The Red Storm put together a 10-0 run to start the second quarter on their way to a 36-20 advantage at the half, then ripped off another 10-straight to begin the third, cruising to a surprisingly easy 18-point win over the Lions to remain unbeaten on the season at 6-0.

“I try and let the game come to me as much as I can,” Colpitts said. “That’s what happened tonight. We know that if we pressure the ball and play good defense, it will get our offense going and help us score easy points. Every team is going to come out and give us their best effort. We have to come prepared to play our best basketball. Right now we’re just taking it one game at a time.”

With the loss, McAuley fell to 4-2 and will look to rest up over the holiday break, hoping standout junior forward Rebecca Knight will recover from her ankle injury soon enough to rejoin the lineup for the second half of the season.

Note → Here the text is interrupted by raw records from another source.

Fixpoint bc_poly (p : natpoly) : BC :=
  match p with
  | [] => BZero
  | c :: p' => BComp bc_app [bc_unary c] [BComp bc_copies [BProjN 0; bc_poly p'] []]
  end.

Lemma bc_poly_eval p l xs ys : bc_eval (bc_poly p) (unary l :: xs) ys = unary (peval p l).
Proof.
  revert ys; induction p as [|c p IH]; intros ys; [reflexivity|].
  cbn [bc_poly]; rewrite bc_eval_BComp; cbn [map].
  rewrite bc_eval_BComp; cbn [map nth].
  rewrite bc_app_eval, bc_unary_eval, bc_copies_eval, IH; cbn [bc_eval nth].
  rewrite length_unary, concat_repeat_unary, <- unary_add; reflexivity.
Qed.

Lemma div2_succ n : Nat.div2 (S n) = Nat.div2 n + Nat.b2n (Nat.odd n).
Proof.
  pose proof (Nat.div2_odd n); pose proof (Nat.div2_odd (S n)).
  rewrite Nat.odd_succ, <- Nat.negb_odd in *.
  destruct (Nat.odd n); simpl in *; lia.
Qed.

(* The recursion keeps the parity of the length in front of its half, in unary. *)
Definition bc_half : BC :=
  let step := BComp BCond []
    [BProjS 0; BComp BS1 [] [BPred]; BComp BS0 [] [BComp BS1 [] [BPred]]] in
  BComp BPred [] [BRec bc_false step step].

Lemma bc_half_eval a xs ys : bc_eval bc_half (a :: xs) ys = unary (Nat.div2 (length a)).
Proof.
  unfold bc_half; rewrite bc_eval_BComp; cbn [map]; rewrite bc_eval_BRec; cbn [hd tl].
  enough (Hrec : forall z, bc_rec bc_false _ _ xs ys z
                          = Nat.odd (length z) :: unary (Nat.div2 (length z)))
    by (rewrite Hrec; reflexivity).
  induction z as [|b z IH]; [reflexivity|].
  cbn [length]; rewrite div2_succ, Nat.odd_succ, <- Nat.negb_odd.
  destruct b; simpl; rewrite IH;
    destruct (Nat.odd (length z)); simpl; rewrite Nat.add_comm; reflexivity.
Qed.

Colpitts scored eight points each in the first and third quarters, to go with five in the second, then sipped on a Dixie cup at the end of the bench for the entire fourth. She hit one 3-pointer and five other hoops to go with 8-for-11 shooting from the line to lead all scorers. Her last two points of the night, a pair of free throws, came on the break after her final steal, and emptied the home bench with 1:08 still to play in the third quarter of another statement-making win for a Red Storm team that has coaches around the league fumbling for the clipboard in search of answers.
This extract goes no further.